Youth Launch Bold Strategy to End NYC’s Foster Care to Homelessness Pipeline

Youth Launch Bold Strategy to End NYC’s Foster Care to Homelessness Pipeline

This press release was originally issued by Fair Futures’ Youth Advisory Board on PR Newswire. 

 

The Fair Futures’ Youth Advisory Board (YAB) – comprised of 19 young adults impacted by the child welfare system – is engaged in an ambitious effort to ensure all youth exiting foster care in New York City have access to safe, high-quality, and integrated housing located in desirable communities.

 

Roughly 500 young adults exit foster care every year in New York City, on their own, not having been adopted or reunified with their birth families.
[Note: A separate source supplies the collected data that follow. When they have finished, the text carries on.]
Lemma star_beta_ge_app d M M' N N' :
  star (beta_ge (S d)) M M' -> star (beta_ge d) N N' ->
  star (beta_ge (S d)) (App M N) (App M' N').
Proof.
  intros HM HN. induction HM.
  - induction HN in M, N0, H |- *.
    + apply star_refl; constructor; assumption.
    + eapply star_step; [apply bge_appr; eassumption|].
      apply IHHN, bisim_refl.
  - eapply star_step; [apply bge_appl; eauto using bisim_refl | assumption].
Qed.

Lemma beta_ge_beta d M N : beta_ge d M N -> beta M N.
Proof. induction 1; [assumption | constructor ..]; assumption. Qed.

(** * Splitting off the top of an infinitary reduction *)

Lemma inf_rules_split R :
  (forall A B, R A B -> inf_rules R A B) ->
  forall M N, inf_rules R M N -> exists M', star beta M M' /\ infred_ge 1 M' N.
Proof.
  intros HR M N H; induction H as [M x|M P P' HM _ [P1 [HP1 HP1']]
                                  |M P Q P' Q' HM _ [P1 [HP1 HP1']] HQ].
  - exists (Var x); split; [assumption | apply ige_var].
  - exists (Lam P1); split.
    + eapply star_trans; [exact beta_bisim_l | eassumption | apply star_beta_lam; assumption].
    + apply ige_lam; assumption.
  - exists (App P1 Q); split.
    + eapply star_trans; [exact beta_bisim_l | eassumption | apply star_beta_appl; assumption].
    + apply ige_app; [assumption|]. apply ige_0. exists R; auto.
Qed.

Lemma infred_ge_split d M N :
  infred_ge d M N -> exists M', star (beta_ge d) M M' /\ infred_ge (S d) M' N.
Proof.
  induction 1 as [M N [R [HR HMN]] | d x | d M M' _ [M1 [H1 H2]]
                 | d M M' N N' _ [M1 [H1 H2]] _ [N1 [H3 H4]]].
  - destruct (inf_rules_split R HR M N (HR _ _ HMN)) as [M1 [H1 H2]].
    exists M1; split; [|assumption].
    eapply star_mono; [|exact H1]. apply bge_0.
  - exists (Var x); split; [apply star_refl, bisim_refl | apply ige_var].
  - exists (Lam M1); split; [apply star_beta_ge_lam | apply ige_lam]; assumption.
  - exists (App M1 N1); split; [apply star_beta_ge_app | apply ige_app]; assumption.
Qed.

(** * 001-terms *)

Inductive spine (P : term -> Prop) : term -> Prop :=
| spine_var n : spine P (Var n)
| spine_lam M : spine P M -> spine P (Lam M)
| spine_app M N : spine P M -> P N -> spine P (App M N).

Lemma spine_mono (P Q : term -> Prop) :
  (forall t, P t -> Q t) -> forall t, spine P t -> spine Q t.
Proof. intros H t Ht; induction Ht; constructor; auto. Qed.

(* The greatest fixed point of [spine], a coinductive form of [is001]. *)
Definition guarded (t : term) : Prop :=
  exists P : term -> Prop, (forall u, P u -> spine P u) /\ P t.

Lemma guarded_spine t : guarded t -> spine guarded t.
Proof.
  intros [P [HP Ht]]. apply spine_mono with P; [|auto].
  intros u Hu; exists P; auto.
Qed.

Lemma spine_guarded t : spine guarded t -> guarded t.
Proof.
  intros H. exists (spine guarded). split; [|assumption].
  intros u Hu. apply spine_mono with guarded; [apply guarded_spine | assumption].
Qed.

Lemma guarded_coind (P : term -> Prop) :
  (forall u, P u -> spine (fun v => P v \/ guarded v) u) ->
  forall t, P t -> guarded t.
Proof.
  intros H t Ht. exists (fun v => P v \/ guarded v). split; [|left; assumption].
  intros u [Hu|Hu]; [auto|].
  apply spine_mono with guarded; [auto | apply guarded_spine; assumption].
Qed.

Lemma guarded_bisim t u : bisim t u -> guarded t -> guarded u.
Proof.
  intros Hb Hg. apply (guarded_coind (fun u => exists t, bisim t u /\ guarded t));
    [|eauto].
  clear. intros u [t [Hb Hg]]. apply guarded_spine in Hg.
  induction Hg in u, Hb |- *; inversion Hb; subst; constructor; eauto.
Qed.

Lemma guarded_lift c t : guarded t -> guarded (lift c t).
Proof.
  intros Hg. apply (guarded_coind (fun u => exists c t, u = lift c t /\ guarded t));
    [|eauto].
  clear. intros u [c [t [-> Hg]]]. apply guarded_spine in Hg.
  induction Hg in c |- *.
  - rewrite lift_Var. destruct (n <? c); constructor.
  - rewrite lift_Lam. constructor. auto.
  - rewrite lift_App. constructor; eauto.
Qed.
Thrust into one of the most competitive housing markets in the world, studies have found that one fifth of the City’s foster youth experience homelessness within six years of leaving care.

 

With many of the YAB’s members struggling to find high quality housing themselves, the group decided to make the issue a top policy priority in 2024.

 

“Last year, our advocacy won more than $30 million in the City’s annual budget so that all foster youth have Coaches to help them thrive,” said YAB Director Anthony Turner. “This year we are focused on building on our success, and ensuring foster youth have access to the housing they deserve.”

 

This summer, the YAB, its parent organization The Center for Fair Futures, The Children’s Village, Good River Partners, and HR&A Advisors launched a research process aimed at delivering solutions on how to finance foster youth housing at scale.

 

HR&A Advisors, one of the nation’s preeminent real estate development and public policy consulting firms, is conducting an analysis focused on how to blend public and private capital and existing rental and service subsidies to provide youth with quality housing. Ten youth leaders engaged in a housing design fellowship to guide housing recommendations that they want to see. The final report will be released in early 2025 with the dual goals of driving policy change and serving as a blueprint for impact investing opportunities to develop foster youth housing. The effort is being supported by The Conrad N. Hilton Foundation and an anonymous funder.

 

The Children’s Village, a key partner, has pioneered mixed income housing development for NYC’s youth and families. Earlier this year, the nonprofit opened the doors of the Eliza, a 14-story, deeply affordable housing development in the desirable, racially integrated community of InwoodManhattan.

 

“Where you live and where your children go to school is the most dependable predictor of second-generation success in the United States,” said The Children’s Village’s President and CEO Jeremy Kohomban. “NYC’s children separated from family and now exiting foster care alone as young adults deserve to live in a location where I would live, nothing less.”

 

Good River Partners, a public benefit firm, is leading a national effort to scale housing for transition-aged foster youth.